Sandfly is an agentless, instantly deployable, and safe Linux EDR and security platform.

Sandfly Security delivers an agentless, instantly deployable Linux EDR built specifically for critical infrastructure and enterprises. Our platform combines proactive monitoring with advanced threat hunting, incident response, and forensics capabilities, providing a future-proof solution that doesn’t rely on malware signatures. Instead, Sandfly detects malicious behaviors across a broad spectrum of Linux environments—on-premises, in the cloud, or air-gapped systems—ensuring safe, seamless, and effective protection.

Threat Detection - SSH Key Monitoring - Password Auditing - Drift Detection - Incident Response

Key Features

-  Agentless Deployment: Instantly deploy Sandfly across your Linux systems without agents, ensuring uninterrupted stability.

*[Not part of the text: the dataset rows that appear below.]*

Lemma binv_incv j c a :
  binv (incv j c) a = binv c a + (0 < a j)%N%:R * binv c (decv j a).
Proof.
rewrite /binv (bigD1 j) //= [X in _ = X + _](bigD1 j) //= [X in _ = _ + _ * X](bigD1 j) //=.
rewrite (eq_bigr (fun i => ('C(c i, a i))%:R)) => [|i /negbTE ji]; last first.
  by rewrite /incv ji.
rewrite [X in _ = _ + _ * (_ * X)](eq_bigr (fun i => ('C(c i, a i))%:R)) => [|i /negbTE ji];
  last by rewrite /decv ji.
rewrite /incv /decv eqxx; case: (a j) => [|k] /=; first by rewrite !bin0 mul0r addr0.
by rewrite binS natrD mul1r mulrDl addrC.
Qed.

Definition shift_at j (a : {ffun 'I_n -> 'I_N.+1}) : {ffun 'I_n -> 'I_N.+1} :=
  [ffun i => if i == j then ordS (a i) else a i].

Lemma shift_at_inj j : injective (shift_at j).
Proof.
move=> a b /ffunP eq_ab; apply/ffunP => i; have := eq_ab i; rewrite !ffunE.
by case: eqP => _ //; apply: ordS_inj.
Qed.

Lemma bsum_incv j c F : (forall i, incv j c i <= N)%N ->
  bsum (incv j c) F = bsum c F + bsum c (fun a => F (incv j a)).
Proof.
move=> le_cN; rewrite /bsum.
rewrite (eq_bigr (fun f => binv c (natv f) * F (natv f) +
   (0 < natv f j)%N%:R * binv c (decv j (natv f)) * F (natv f))) => [|f _]; last first.
  by rewrite binv_incv mulrDl.
rewrite big_split; congr (_ + _).
rewrite (reindex_inj (@shift_at_inj j)) /=; apply: eq_bigr => f _.
have [lt_fN | le_Nf] := ltnP (f j) N.
  have -> : natv (shift_at j f) = incv j (natv f).
    apply: functional_extensionality => i; rewrite /natv /incv ffunE.
    by case: eqP => [->|] //=; rewrite modn_small.
  by rewrite incvK /incv eqxx mul1r.
(* [ordS] wraps [N] around to [0], but there [binv c] vanishes since [c j < N]. *)
have fj : nat_of_ord (f j) = N by apply/eqP; rewrite eqn_leq le_Nf -ltnS ltn_ord.
have lt_cN : (c j < N)%N by have := le_cN j; rewrite /incv eqxx.
rewrite /natv ffunE eqxx /= fj modnn mul0r mul0r.
by rewrite /binv (bigD1 j) //= fj bin_small // !mul0r.
Qed.
Lemma mu_sigma_bound f A : is_pmf f -> in_sigma G A -> Rabs (mu f A) <= 1 + lsum f Gl.
Proof.
  intros [Hf0 Hf1] HA.
  assert (Hpart : forall B : X -> bool, 0 <= lsum (fun x => if B x then f x else 0) Gl <= lsum f Gl).
  { intros B. split; [apply lsum_nonneg|apply lsum_le];
      intros x _; pose proof (Hf0 x); destruct (B x); lra. }
  (* A set of the sigma-field either lies inside G or contains its whole complement. *)
  destruct (classic (exists y, G y = false /\ A y = true)) as [[y [Gy Ay]]|Hno].
  - set (B := fun x => andb (G x) (negb (A x))).
    assert (Hmu : mu f A = 1 - lsum (fun x => if B x then f x else 0) Gl).
    { unfold mu. apply series_eq.
      apply infinite_sum_ext with (fun x => f x - (if B x then f x else 0)).
      - intros x. unfold B. destruct (G x) eqn:Gx, (A x) eqn:Ax; simpl; try ring.
        rewrite (HA x y Gx Gy), Ay in Ax. discriminate.
      - apply infinite_sum_minus; [exact Hf1|]. apply infinite_sum_finite_support; auto.
        intros x Hx. unfold B. destruct (G x) eqn:Gx; [|reflexivity].
        exfalso. apply Hx, Gl_spec, Gx. }
    rewrite Hmu. specialize (Hpart B). apply Rabs_le. lra.
  - rewrite mu_lsum.
    + specialize (Hpart A). apply Rabs_le. lra.
    + intros x Ax. destruct (G x) eqn:Gx; auto. exfalso. apply Hno. now exists x.
Qed.

Lemma mu_emp_le_Vdist f xs A : is_pmf f -> (1 <= length xs)%nat -> in_sigma G A ->
  Rabs (mu f A - emp xs A) <= Vdist G (mu f) (emp xs).
Proof.
  intros Hf Hn. apply Vdist_spec with (2 + lsum f Gl). intros A' HA'.
  pose proof (mu_sigma_bound f A' Hf HA'). pose proof (emp_bounds xs A' Hn).
  pose proof (Rle_abs (mu f A')). pose proof (Rle_abs (- mu f A')). rewrite Rabs_Ropp in *.
  apply Rabs_le. lra.
Qed.

Lemma Vdist_mu_emp_nonneg f xs : is_pmf f -> (1 <= length xs)%nat ->
  0 <= Vdist G (mu f) (emp xs).
Proof.
  intros Hf Hn. eapply Rle_trans; [apply Rabs_pos|].
  apply (mu_emp_le_Vdist f xs (fun _ => false)); auto. now intros x y _ _.
Qed.
Lemma sphere_dot_partner d x y : on_sphere d x -> -1 < dot d x y < 1 ->
  y <> x /\ y <> vopp x.
Proof.
  intros [_ Nx] H; split; intros E; subst y.
  - lra.
  - rewrite dot_vopp_r, Nx in H; lra.
Qed.

Lemma bessel d m p n : on_sphere d m -> on_sphere d p -> on_sphere d n -> dot d p n = 0 ->
  dot d m p * dot d m p + dot d m n * dot d m n <= 1.
Proof.
  intros [_ Nm] [_ Np] [_ Nn] Hpn.
  pose proof (dot_self_nonneg d (lin 1 m (-1) (lin (dot d m p) p (dot d m n) n))) as H.
  rewrite ?dot_lin_l, ?dot_lin_r in H.
  rewrite (dot_comm d p m), (dot_comm d n m), (dot_comm d n p), Hpn, Nm, Np, Nn in H. nra.
Qed.

(* csin k = sqrt (1 - k^2), the sine of the angle whose cosine is k. *)
Definition csin (k : R) : R := sqrt (1 - k * k).

Lemma csin_pos k : -1 < k < 1 -> 0 < csin k.
Proof. intros H; apply sqrt_lt_R0; nra. Qed.

Lemma csin_sq k : -1 < k < 1 -> csin k * csin k = 1 - k * k.
Proof. intros H; apply sqrt_sqrt; nra. Qed.

Lemma div_nonneg_iff a s : 0 < s -> (0 <= a / s <-> 0 <= a).
Proof.
  intros Hs; split; intros H.
  - replace a with (a / s * s) by (field; lra). apply Rmult_le_pos; lra.
  - apply Rmult_le_pos; [exact H | left; apply Rinv_0_lt_compat; exact Hs].
Qed.

Lemma orthonormal_lin_sphere d p n a b : on_sphere d p -> on_sphere d n -> dot d p n = 0 ->
  a * a + b * b = 1 -> on_sphere d (lin a p b n).
Proof.
  intros [Zp Np] [Zn Nn] Hpn Hab. apply on_sphere_lin; [exact Zp | exact Zn |].
  rewrite !dot_lin_l, !dot_lin_r, (dot_comm d n p), Np, Nn, Hpn. lra.
Qed.

Definition tangent (d : nat) (p q : vec) : vec :=
  lin (/ csin (dot d p q)) q (- dot d p q / csin (dot d p q)) p.

Section Tangent.
Variables (d : nat) (p q : vec).
Hypotheses (Sp : on_sphere d p) (Sq : on_sphere d q) (Hpq : -1 < dot d p q < 1).

Lemma dot_tangent x :
  dot d x (tangent d p q) = (dot d x q - dot d p q * dot d x p) / csin (dot d p q).
Proof.
  pose proof (csin_pos _ Hpq). unfold tangent; rewrite dot_lin_r; field; lra.
Qed.

Lemma tangent_orth : dot d p (tangent d p q) = 0.
Proof.
  pose proof (csin_pos _ Hpq). destruct Sp as [_ Np].
  rewrite dot_tangent, Np; field; lra.
Qed.

Lemma tangent_sphere : on_sphere d (tangent d p q).
Proof.
  pose proof (csin_pos _ Hpq) as Hs. pose proof (csin_sq _ Hpq) as Hss.
  destruct Sp as [Zp Np], Sq as [Zq Nq].
  apply on_sphere_lin; [exact Zq | exact Zp |].
  fold (tangent d p q); rewrite dot_tangent, dot_comm, dot_tangent, Nq,
    (dot_comm d (tangent d p q) p), tangent_orth, (dot_comm d q p).
  replace (1 - dot d p q * dot d p q) with (csin (dot d p q) * csin (dot d p q)) by lra.
  field; lra.
Qed.

Lemma dot_tangent_decomp x :
  dot d x q = dot d p q * dot d x p + csin (dot d p q) * dot d x (tangent d p q).
Proof. pose proof (csin_pos _ Hpq). rewrite dot_tangent; field; lra. Qed.

End Tangent.

(* The tangents at both ends of an arc make an angle of pi minus its length. *)
Lemma tangent_dot_swap d n m : on_sphere d n -> on_sphere d m -> -1 < dot d n m < 1 ->
  dot d (tangent d n m) (tangent d m n) = - dot d n m.
Proof.
  intros Sn Sm H. assert (H' : -1 < dot d m n < 1) by (rewrite dot_comm; exact H).
  pose proof (csin_pos _ H) as Hs. pose proof (csin_sq _ H) as Hss.
  rewrite dot_tangent by assumption.
  rewrite (dot_comm d (tangent d n m) n), tangent_orth, (dot_comm d (tangent d n m) m),
    dot_tangent by assumption.
  destruct Sm as [_ Nm]; rewrite Nm, (dot_comm d m n).
  replace (1 - dot d n m * dot d n m) with (csin (dot d n m) * csin (dot d n m)) by lra.
  field; lra.
Qed.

-  Instant Protection & Inventory: Gain an immediate, comprehensive inventory of all software and hardware versions, while monitoring and protecting against threats from day one.

-  Advanced Threat Detection: Identify attacker behaviors using a signature-free approach, providing robust coverage against a wide array of tactics, including MITRE ATT&CK techniques.

- Customizable Detection: Tailor Sandfly to your environment for focused threat monitoring and responsive insights.

- SSH and Password Auditing: Monitor SSH key usage and audit weak passwords to prevent lateral movement threats.